We have the following IVP for $w\in C^3(0,0.5)$: $$\begin{cases}w'''(t)+w''(t)=e^t+1 \\ w(0)=1; w'(0)=0; w''(0)=1\end{cases}.$$
The question is to do an appropriate change of variable so that we get 3 first order IVPs which we know how to solve numerically.
My Try: If we use the change of variable $v(t)\to w''(t)$, we get the following first order system: $$\begin{cases}v'(t)+v(t)=e^t+1 \\ v(0)=1\end{cases}.$$
The given system then gives us an approximation of $v$ using rudimentary methods (Runge-Kutta). Now, this is only one 1st order system. The question asks for two more; what are they?

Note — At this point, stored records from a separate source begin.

Lemma is_CInt_Cconj (f : R -> C) a b l :
  is_CInt f a b l -> is_CInt (fun t => Cconj (f t)) a b (Cconj l).
Proof.
  intros H.
  pose proof (is_CInt_fst _ _ _ _ H) as H1; pose proof (is_CInt_snd _ _ _ _ H) as H2.
  destruct l as [l1 l2]; apply is_CInt_pair; simpl in *; auto.
  apply (is_RInt_opp (V:=R_NormedModule)); assumption.
Qed.

Lemma is_RInt_const_R (c a b v : R) : v = (b - a) * c -> is_RInt (fun _ => c) a b v.
Proof. intros ->; exact (is_RInt_const (V:=R_NormedModule) a b c). Qed.

Lemma circ0 : circ 0 = RtoC 1.
Proof. unfold circ, RtoC; rewrite cos_0, sin_0; reflexivity. Qed.

Lemma circ_add x y : circ (x + y) = (circ x * circ y)%C.
Proof. unfold circ, Cmult; simpl; rewrite cos_plus, sin_plus; f_equal; ring. Qed.

Lemma Cmod_circ x : Cmod (circ x) = 1.
Proof.
  unfold Cmod, circ; cbn [fst snd].
  replace (cos x ^ 2 + sin x ^ 2) with 1 by (rewrite <- (sin2_cos2 x); unfold Rsqr; ring).
  apply sqrt_1.
Qed.

Lemma Cconj_circ t : Cconj (circ t) = circ (- t).
Proof. unfold Cconj, circ; cbn [fst snd]; rewrite cos_neg, sin_neg; reflexivity. Qed.

Lemma Cinv_circ t : Cinv (circ t) = circ (- t).
Proof.
  unfold Cinv, circ; cbn [fst snd]; rewrite cos_neg, sin_neg.
  replace (cos t ^ 2 + sin t ^ 2) with 1 by (rewrite <- (sin2_cos2 t); unfold Rsqr; ring).
  f_equal; field.
Qed.

Lemma Cpow_circ n t : Cpow (circ t) n = circ (INR n * t).
Proof.
  induction n as [|n IH]; simpl Cpow.
  - rewrite Rmult_0_l, circ0; reflexivity.
  - rewrite IH, S_INR, <- circ_add; f_equal; ring.
Qed.

Lemma IZR_pos_INR p : IZR (Zpos p) = INR (Pos.to_nat p).
Proof. rewrite INR_IZR_INZ, positive_nat_Z; reflexivity. Qed.

Lemma Cpowz_circ t j : Cpowz (circ t) j = circ (IZR j * t).
Proof.
  destruct j as [|p|p]; simpl Cpowz.
  - rewrite Rmult_0_l, circ0; reflexivity.
  - rewrite Cpow_circ, IZR_pos_INR; reflexivity.
  - rewrite Cinv_circ, Cpow_circ, <- IZR_pos_INR, <- Pos2Z.opp_pos, opp_IZR.
    f_equal; ring.
Qed.

Lemma sin_IZR_mult_2PI (m : Z) : sin (IZR m * (2 * PI)) = 0.
Proof. apply sin_eq_0_1; exists (2 * m)%Z; rewrite mult_IZR; ring. Qed.

Lemma cos_IZR_mult_2PI (m : Z) : cos (IZR m * (2 * PI)) = 1.
Proof.
  replace (IZR m * (2 * PI)) with (2 * (IZR m * PI)) by ring.
  rewrite cos_2a_sin, (sin_eq_0_1 (IZR m * PI)) by (exists m; ring); ring.
Qed.

Lemma is_RInt_of_antiderivative (F f : R -> R) a b v :
  (forall x, is_derive F x (f x)) -> (forall x, continuous f x) ->
  v = F b - F a -> is_RInt f a b v.
Proof.
  intros HF Hf ->.
  apply (is_RInt_derive (V:=R_CompleteNormedModule)); intros x _; auto.
Qed.

Lemma is_RInt_cos_IZR_mult (m : Z) :
  m <> 0%Z -> is_RInt (fun s => cos (IZR m * s)) 0 (2 * PI) 0.
Proof.
  intros Hm; assert (Hm' : IZR m <> 0) by (apply not_0_IZR; auto).
  apply (is_RInt_of_antiderivative (fun s => sin (IZR m * s) / IZR m)).
  - intros x; auto_derive; auto; field; auto.
  - intros x; apply (ex_derive_continuous (K:=R_AbsRing) (V:=R_NormedModule)); auto_derive; auto.
  - rewrite Rmult_0_r, sin_0, sin_IZR_mult_2PI; field; auto.
Qed.

Lemma is_RInt_sin_IZR_mult (m : Z) :
  m <> 0%Z -> is_RInt (fun s => sin (IZR m * s)) 0 (2 * PI) 0.
Proof.
  intros Hm; assert (Hm' : IZR m <> 0) by (apply not_0_IZR; auto).
  apply (is_RInt_of_antiderivative (fun s => - cos (IZR m * s) / IZR m)).
  - intros x; auto_derive; auto; field; auto.
  - intros x; apply (ex_derive_continuous (K:=R_AbsRing) (V:=R_NormedModule)); auto_derive; auto.
  - rewrite Rmult_0_r, cos_0, cos_IZR_mult_2PI; field; auto.
Qed.

Lemma is_CInt_circ_IZR_mult (m : Z) :
  is_CInt (fun s => circ (IZR m * s)) 0 (2 * PI)
    (if Z.eqb m 0 then RtoC (2 * PI) else RtoC 0).
Proof.
  destruct (Z.eqb_spec m 0) as [->|Hm]; apply is_CInt_pair; simpl.
  - apply (is_RInt_ext (fun _ => 1)); [intros; rewrite Rmult_0_l, cos_0; reflexivity|].
    apply is_RInt_const_R; ring.
  - apply (is_RInt_ext (fun _ => 0)); [intros; rewrite Rmult_0_l, sin_0; reflexivity|].
    apply is_RInt_const_R; ring.
  - apply is_RInt_cos_IZR_mult; auto.
  - apply is_RInt_sin_IZR_mult; auto.
Qed.

Lemma Cmod_1_minus_circ_lb c s : 1 - Cmod c <= Cmod (1 - c * circ s)%C.
Proof.
  pose proof (Cmod_triangle (1 - c * circ s) (c * circ s)) as H.
  replace (1 - c * circ s + c * circ s)%C with (RtoC 1) in H by ring.
  rewrite Cmod_1, Cmod_mult, Cmod_circ in H; lra.
Qed.

Lemma one_minus_circ_neq0 c s : Cmod c < 1 -> (1 - c * circ s)%C <> 0%C.
Proof.
  intros Hc E; pose proof (Cmod_1_minus_circ_lb c s) as H.
  rewrite E, Cmod_0 in H; lra.
Qed.

Definition cauchy_integrand (c : C) (m : Z) (s : R) : C :=
  (circ (IZR m * s) / (1 - c * circ s))%C.

Definition cauchy_int (c : C) (m : Z) : C := CInt (cauchy_integrand c m) 0 (2 * PI).

Lemma ex_RInt_cauchy_integrand c m :
  Cmod c < 1 -> @ex_RInt C_R_NormedModule (cauchy_integrand c m) 0 (2 * PI).
Proof.
  intros Hc; destruct c as [cr ci].
  assert (Hd : forall s, (1 - (cr * cos s - ci * sin s)) ^ 2 + (- (cr * sin s + ci * cos s)) ^ 2 <> 0).
  { intros s Z; apply (one_minus_circ_neq0 (cr, ci) s Hc), Cmod_eq_0.
    unfold Cmod; simpl; simpl in Z; transitivity (sqrt 0); [f_equal | apply sqrt_0].
    eapply eq_trans; [|exact Z]; ring. }
  assert (Hcont : forall g : R -> R,
    (forall z, ex_derive g z) -> ex_RInt g 0 (2 * PI)).
  { intros g Hg; apply (ex_RInt_continuous (V:=R_CompleteNormedModule)); intros z _.
    apply (ex_derive_continuous (K:=R_AbsRing) (V:=R_NormedModule)); auto. }
  assert (Hderiv : forall z, ex_derive (fun s => fst (cauchy_integrand (cr, ci) m s)) z
                         /\ ex_derive (fun s => snd (cauchy_integrand (cr, ci) m s)) z).
  { intros z; unfold cauchy_integrand, circ, Cdiv, Cminus, Cmult, Cinv, Cplus, Copp, RtoC; simpl.
    split; auto_derive; repeat split; try (intro Z; apply (Hd z); eapply eq_trans; [|exact Z]; ring). }
  destruct (Hcont _ (fun z => proj1 (Hderiv z))) as [l1 H1].
  destruct (Hcont _ (fun z => proj2 (Hderiv z))) as [l2 H2].
  exists (l1, l2); apply is_CInt_pair; auto.
Qed.

Lemma is_CInt_cauchy c m :
  Cmod c < 1 -> is_CInt (cauchy_integrand c m) 0 (2 * PI) (cauchy_int c m).
Proof.
  intros Hc; apply (RInt_correct (V:=C_R_CompleteNormedModule)).
  apply ex_RInt_cauchy_integrand; auto.
Qed.

Lemma cauchy_int_rec c m : Cmod c < 1 ->
  cauchy_int c m = (c * cauchy_int c (m + 1) + (if Z.eqb m 0 then RtoC (2 * PI) else RtoC 0))%C.
Proof.
  intros Hc.
  assert (Hdiff : is_CInt (fun s => circ (IZR m * s)) 0 (2 * PI)
                    (cauchy_int c m - c * cauchy_int c (m + 1))%C).
  { eapply is_RInt_ext;
      [|exact (is_RInt_minus (V:=C_R_NormedModule) _ _ _ _ _ _ (is_CInt_cauchy c m Hc)
                (is_CInt_Cmult_l c _ _ _ _ (is_CInt_cauchy c (m + 1) Hc)))].
    intros x _; unfold cauchy_integrand.
    rewrite plus_IZR, Rmult_plus_distr_r, Rmult_1_l, circ_add.
    pose proof (one_minus_circ_neq0 c x Hc).
    change (@eq C (circ (IZR m * x) / (1 - c * circ x)
                   - c * (circ (IZR m * x) * circ x / (1 - c * circ x)))%C (circ (IZR m * x))).
    field; auto. }
  pose proof (is_RInt_unique (V:=C_R_CompleteNormedModule) _ _ _ _ (is_CInt_circ_IZR_mult m)) as Hval.
  rewrite (is_RInt_unique (V:=C_R_CompleteNormedModule) _ _ _ _ Hdiff) in Hval.
  transitivity ((cauchy_int c m - c * cauchy_int c (m + 1)) + c * cauchy_int c (m + 1))%C;
    [ring | rewrite Hval; apply Cplus_comm].
Qed.

Lemma Cmod_cauchy_int_le c m : Cmod c < 1 -> Cmod (cauchy_int c m) <= 2 * PI / (1 - Cmod c).
Proof.
  intros Hc; rewrite Cmod_norm; unfold Rdiv.
  replace (2 * PI) with (2 * PI - 0) by ring.
  apply (norm_RInt_le_const (V:=C_R_NormedModule) (cauchy_integrand c m));
    [pose proof PI_RGT_0; lra | | apply is_CInt_cauchy; auto].
  intros x _; rewrite <- Cmod_norm; unfold cauchy_integrand, Cdiv.
  rewrite Cmod_mult, Cmod_circ, Cmod_inv, Rmult_1_l by (apply one_minus_circ_neq0; auto).
  apply Rinv_le_contravar; [lra | apply Cmod_1_minus_circ_lb].
Qed.

Lemma le_pow_mult_eq0 (x r B : R) :
  0 <= x -> 0 <= r < 1 -> (forall n, x <= r ^ n * B) -> x = 0.
Proof.
  intros Hx Hr H; destruct (Rle_lt_or_eq_dec 0 x Hx) as [Hp|]; auto; exfalso.
  assert (HB : 0 <= B) by (specialize (H O); simpl in H; lra).
  destruct (pow_lt_1_zero r ltac:(rewrite Rabs_pos_eq; lra) (x / (B + 1))) as [N HN];
    [apply Rdiv_lt_0_compat; lra|].
  specialize (HN N (le_n _)); rewrite Rabs_pos_eq in HN by (apply pow_le; lra).
  apply (Rmult_lt_compat_r (B + 1)) in HN; [|lra].
  unfold Rdiv in HN; rewrite Rmult_assoc, Rinv_l, Rmult_1_r in HN by lra.
  specialize (H N); assert (0 <= r ^ N) by (apply pow_le; lra); nra.
Qed.

Lemma cauchy_int_shift c m n : Cmod c < 1 -> (0 < m)%Z ->
  cauchy_int c m = (c ^ n * cauchy_int c (m + Z.of_nat n))%C.
Proof.
  intros Hc Hm; induction n as [|n IH].
  - rewrite Z.add_0_r; simpl; ring.
  - rewrite IH, (cauchy_int_rec c (m + Z.of_nat n)) by auto.
    replace (m + Z.of_nat n =? 0)%Z with false by (symmetry; apply Z.eqb_neq; lia).
    replace (m + Z.of_nat n + 1)%Z with (m + Z.of_nat (S n))%Z by lia; simpl; ring.
Qed.

Lemma cauchy_int_pos c m : Cmod c < 1 -> (0 < m)%Z -> cauchy_int c m = 0%C.
Proof.
  intros Hc Hm; apply Cmod_eq_0.
  apply (le_pow_mult_eq0 _ (Cmod c) (2 * PI / (1 - Cmod c))); [apply Cmod_ge_0 | split; [apply Cmod_ge_0 | auto] |].
  intros n; rewrite (cauchy_int_shift c m n Hc Hm), Cmod_mult, Cmod_pow.
  apply Rmult_le_compat_l; [apply pow_le, Cmod_ge_0 | apply Cmod_cauchy_int_le; auto].
Qed.

Lemma cauchy_int_nonpos c n : Cmod c < 1 ->
  cauchy_int c (- Z.of_nat n) = (c ^ n * RtoC (2 * PI))%C.
Proof.
  intros Hc; induction n as [|n IH].
  - rewrite (cauchy_int_rec c), (cauchy_int_pos c) by (auto; lia); simpl; ring.
  - rewrite (cauchy_int_rec c) by auto.
    replace (- Z.of_nat (S n) =? 0)%Z with false by (symmetry; apply Z.eqb_neq; lia).
    replace (- Z.of_nat (S n) + 1)%Z with (- Z.of_nat n)%Z by lia.
    rewrite IH; simpl; ring.
Qed.

Lemma poisson_kernel_Re (a : C) : Cmod a < 1 ->
  RtoC ((1 - Cmod a ^ 2) / Cmod (RtoC 1 - a)%C ^ 2) = (/ (1 - a) + Cconj (/ (1 - a)) - 1)%C.
Proof.
  intros Ha; destruct a as [x y].
  assert (Hd : (1 - x) ^ 2 + y ^ 2 <> 0).
  { intros Z; assert (x = 1) as -> by nra; assert (y = 0) as -> by nra.
    change (Cmod (RtoC 1) < 1) in Ha; rewrite Cmod_1 in Ha; lra. }
  rewrite !Cmod2_alt; simpl Re; simpl Im.
  unfold RtoC, Cinv, Cconj, Cminus, Cplus, Copp; cbn [fst snd].
  f_equal; field; replace ((1 + - x) ^ 2 + (- y) ^ 2) with ((1 - x) ^ 2 + y ^ 2) by ring; exact Hd.
Qed.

Define $\boldsymbol{y} := (w,w',w'')^{\top}$, then you obtain from the ODE: \begin{equation} \boldsymbol{y}' = \left( \begin{array}{c} w'\\ w''\\ w''' \end{array} \right) = \left( \begin{array}{c} w'\\ w''\\ -w'' + e^t + 1 \end{array} \right) =: \boldsymbol{f}(t,\boldsymbol{y}), \end{equation} and from the given initial conditions: \begin{equation} \boldsymbol{y}(0) = \left( \begin{array}{c} w(0)\\ w'(0)\\ w''(0) \end{array} \right) = \left( \begin{array}{c} 1\\ 0\\ 1 \end{array} \right) =: \boldsymbol{y}_0. \end{equation} You now have an initial-value problem in the standard form: $\boldsymbol{y}' = \boldsymbol{f}(t,\boldsymbol{y})$, $\boldsymbol{y}(0) = \boldsymbol{y}_0$, which you can solve numerically using a Runge-Kutta method.